El tradicionalismo del siglo XIX provocó pues en su discípulo más grande, Lamennais, la reacción de un futurismo demagógico exasperado: la sustitución sistemática de la vox populi, vox Dei, por una concepción de oráculo de la autoridad patriarcal de los pontífices y de los reyes. El integrismo, con el cual la ortodoxia, oficial y popular a la vez, tendía en el catolicismo a confundirse, desde el modernismo y su represión, desde el instante en que la autoridad aflojara su presión, debía suscitar la reacción paralela, pero más brutal todavía, del progresismo contemporáneo. A una tradición indebidamente congelada, sostenida intangible por medio de una autoridad encogida sobre sí misma, la primera relajación, que representaba el reinado de Juan XXIII y el Concilio, haría suceder no la reviviscencia de la tradición auténtica, para la cual no estaban preparados ni la masa ni la mayor parte de sus jefes, sino la disolución de todo sentido tradicional. Una libertad que la autoridad se había cuidado exclusivamente de reprimir para guardar la ocasión o la posibilidad de proseguir su educación, dejada ahora a sí misma, no sabe sino fluctuar a la deriva.

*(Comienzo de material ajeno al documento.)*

Lemma rankD_max S B : admissible S -> B \in F ->
  (forall C, C \in F -> lin (sgn S) C <= lin (sgn S) B) -> rankD F S = lin (sgn S) B.
Proof.
move=> aS BF Bmax; rewrite /rankD (eq_bigr _ (fun C _ => card_setI_lin S C)).
apply/le_anti/andP; split; last exact: (bigmax_sup B _ _ _ BF (lexx _)).
apply: bigmax_le => //.
by case/andP: (lin_sgn_bounds aS (feasible_transversal BF)).
Qed.

Lemma independentP I :
  reflect (admissible I /\ exists2 B, B \in F & I \subset B) (independent F I).
Proof.
apply: (iffP andP) => [[aI /eqP rI] | [aI [B BF sIB]]]; split => //.
  have [B BF Bmax] := exists_maximizer (sgn I); have tB := feasible_transversal BF.
  exists B => //; rewrite -disagree_eq0 // -cards_eq0; apply/eqP.
  by move: rI; rewrite (rankD_max aI BF Bmax) lin_sgn //; lia.
have tB := feasible_transversal BF.
have dB : #|disagree I B| = 0%N by apply/eqP; rewrite cards_eq0 disagree_eq0.
have linB : lin (sgn I) B = #|I|%:Z by rewrite lin_sgn // dB mulr0 subr0.
apply/eqP; rewrite (rankD_max aI BF) // linB => C CF.
by case/andP: (lin_sgn_bounds aI (feasible_transversal CF)).
Qed.

(* The cross-multiplied form of: C maximises the gain per unit of Hamming distance
   (lin w C - lin w B) / d(B, C) over the feasible sets C != B, and has the least
   distance among such maximisers. *)
Definition steepest B w C : Prop :=
  (forall y, y \in F ->
    (lin w y - lin w B) * #|disagree B C|%:Z <= (lin w C - lin w B) * #|disagree B y|%:Z) /\
  (forall y, y \in F -> y != B ->
    (lin w y - lin w B) * #|disagree B C|%:Z = (lin w C - lin w B) * #|disagree B y|%:Z ->
    (#|disagree B C| <= #|disagree B y|)%N).

Lemma is_edge_int B C (W : 'I_n -> int) : B \in F -> C \in F -> B != C ->
  (forall y, y \in F -> (forall z, z \in F -> lin W z <= lin W y) <-> y = B \/ y = C) ->
  is_edge F B C.
Proof.
move=> BF CF BC hW; split => //; exists (fun k => (W k)%:~R) => y yF.
have dotRE z : dotR (fun k => (W k)%:~R) z = (lin W z)%:~R.
  by rewrite /dotR /lin rmorph_sum; apply: eq_bigr => k _; rewrite rmorphM rmorphB.
rewrite -hW //; split=> ymax z zF.
  by rewrite -(ler_int Rdefinitions.R) -!dotRE; exact: ymax.
by rewrite !dotRE ler_int; exact: ymax.
Qed.

Lemma steepest_edge B C w : B \in F -> C \in F -> C != B -> steepest B w C ->
  is_edge F B C.
Proof.
move=> BF CF CB [cross tie]; have tB := feasible_transversal BF.
set DC := disagree B C; pose ds := #|DC|%:Z; pose gs := lin w C - lin w B.
(* K exceeds the range of s, so lin W below compares (q, s) lexicographically. *)
pose B' := restr (~: DC) B; pose K := (2 * n + 1)%N%:Z.
pose q y := 2 * ds * lin w y + gs * lin (sgn B) y; pose s y := lin (sgn B') y.
have aB' : admissible B' by apply: admissible_subset (subsetIl _ _) (transversal_admissible tB).
have sE y : y \in F -> s y = #|B'|%:Z - 2 * #|disagree B y :\: DC|%:Z.
  by move=> yF; rewrite /s (lin_sgn aB' (feasible_transversal yF)) disagree_restr setDE.
have qE y : y \in F -> q y - q B = 2 * ((lin w y - lin w B) * ds - gs * #|disagree B y|%:Z).
  move=> yF; have aB := transversal_admissible tB; have ty := feasible_transversal yF.
  rewrite /q !(lin_sgn aB) // (disagree_self tB) cards0.
  by rewrite /gs; lia.
pose W k := K * (2 * ds * w k + gs * sgn B k) + sgn B' k.
have WE y : lin W y = K * q y + s y by rewrite /W linD linZ linD !linZ.
have sB : s B = #|B'|%:Z by rewrite sE // (disagree_self tB) set0D cards0 mulr0 subr0.
have sC : s C = s B by rewrite sE // setDv cards0 mulr0 subr0.
have sle y : y \in F -> s y <= s B /\ s B - s y < K.
  move=> yF; rewrite sB sE //.
  have : (#|disagree B y :\: DC| <= n)%N by apply: leq_trans (max_card _) _; rewrite card_ord.
  by rewrite /K; lia.
have qle y : y \in F -> q y <= q B.
  by move=> yF; have := qE y yF; have := cross y yF; rewrite /ds /gs /DC; lia.
have qC : q C = q B by apply/eqP; rewrite -subr_eq0 qE // /ds /gs /DC; lia.
have maxE y : y \in F ->
    (forall z, z \in F -> lin W z <= lin W y) <-> (q y = q B /\ s y = s B).
  move=> yF; have [sy sK] := sle y yF; split => [ymax | [qy sy'] z zF].
    by have := ymax B BF; rewrite !WE lex_ge ?qle // => /andP [/eqP -> /eqP ->].
  have [sz _] := sle z zF; rewrite !WE qy sy'.
  by apply: lerD => //; apply: ler_wpM2l; rewrite ?qle.
apply: (is_edge_int (W := W) BF CF); first by rewrite eq_sym.
move=> y yF; rewrite maxE //; split => [[qy sy] | [-> | ->]] //.
have [-> | yB] := eqVneq y B; [by left | right].
have sub : disagree B y \subset DC.
  by rewrite -setD_eq0 -cards_eq0; apply/eqP; move: sy; rewrite sE // sB; lia.
have dy : disagree B y = DC.
  apply/eqP; rewrite eqEcard sub /=; apply: tie => //.
  by move/eqP: qy; rewrite -subr_eq0 qE // /ds /gs /DC; lia.
have tC := feasible_transversal CF.
by rewrite -(reorient_disagree tB (feasible_transversal yF)) dy (reorient_disagree tB tC).
Qed.

Lemma exists_steepest B w : B \in F -> (exists2 C, C \in F & lin w B < lin w C) ->
  exists2 C, C \in F & [/\ C != B, lin w B < lin w C & steepest B w C].
Proof.
move=> BF [C0 C0F lt0]; have tB := feasible_transversal BF.
pose P y := (y \in F) && (y != B).
have dpos y : P y -> (0 < #|disagree B y|%:Z).
  case/andP=> yF; apply: contraNT; rewrite ltz_nat -eqn0Ngt cards_eq0 => /eqP d0.
  by rewrite -(reorient_disagree tB (feasible_transversal yF)) d0 reorient_set0.
pose ratio y : rat := (lin w y - lin w B)%:~R / (#|disagree B y|%:Z)%:~R.
have ratio_le y z : P y -> P z -> (ratio y <= ratio z) =
    ((lin w y - lin w B) * #|disagree B z|%:Z <= (lin w z - lin w B) * #|disagree B y|%:Z).
  by move=> Py Pz; rewrite ler_ratio ?dpos.
have PC0 : P C0 by rewrite /P C0F; apply: contraTneq lt0 => ->; rewrite ltxx.
have [C1 PC1 maxC1] := arg_maxP ratio PC0.
have TC1 : P C1 && (ratio C1 == ratio C1) by rewrite PC1 eqxx.
have [C /andP [/[dup] PC /andP [CF CB] /eqP rC] minC] :=
  @arg_minnP _ C1 (fun y => P y && (ratio y == ratio C1)) (fun y => #|disagree B y|) TC1.
have cross y : y \in F ->
    (lin w y - lin w B) * #|disagree B C|%:Z <= (lin w C - lin w B) * #|disagree B y|%:Z.
  move=> yF; have [-> | yB] := eqVneq y B.
    by rewrite disagree_self // cards0 subrr !mul0r mulr0.
  have Py : P y by rewrite /P yF.
  by rewrite -ratio_le // rC; apply: maxC1.
exists C => //; split => //.
  have := cross C0 C0F; have := dpos C0 PC0; have := dpos C PC; nia.
split => // y yF yB e; have Py : P y by rewrite /P yF.
by apply: minC; rewrite Py -rC eq_le !ratio_le // e lexx.
Qed.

Aquí es donde las inercias propiamente católicas -yo quiero decir del catolicismo moderno- añaden su peso al vértigo dialéctico de las reacciones que acabamos de analizar. Por haberse limitado a «conservar», a «proteger», a «defender», los órganos directores dentro del catolicismo moderno, no supieron guiar, inspirar, suscitar el desarrollo viviente de la tradición católica en todo el cuerpo de los fieles. Estos, pues, no escapan a una inmovilidad pasiva sino para ceder sin resistencia a las presiones de fuera. En estas condiciones, ellos no pueden atestiguar la vitalidad de un organismo que, sin embargo, les pertenece todavía, pero del cual, en demasiado gran número y desde hace ya mucho tiempo, no participan.
Es preciso llegar a una nueva toma de conciencia de esta vitalidad, que es la de la tradición desembarazada de todas estas falsificaciones, si se quiere salir de la crisis católica presente y ayudar así a protestantes y anglicanos a salir de la crisis de su propio ecumenismo para que volvamos a reunirnos todos juntamente con los ortodoxos en la Una Sanctade la cual la cristiandad dividida y el mundo desgarrado tienen más necesidad que nunca.
Fuente:
Bouyer, L. La Iglesia de Dios. Madrid, 1973, pp. 186 y ss.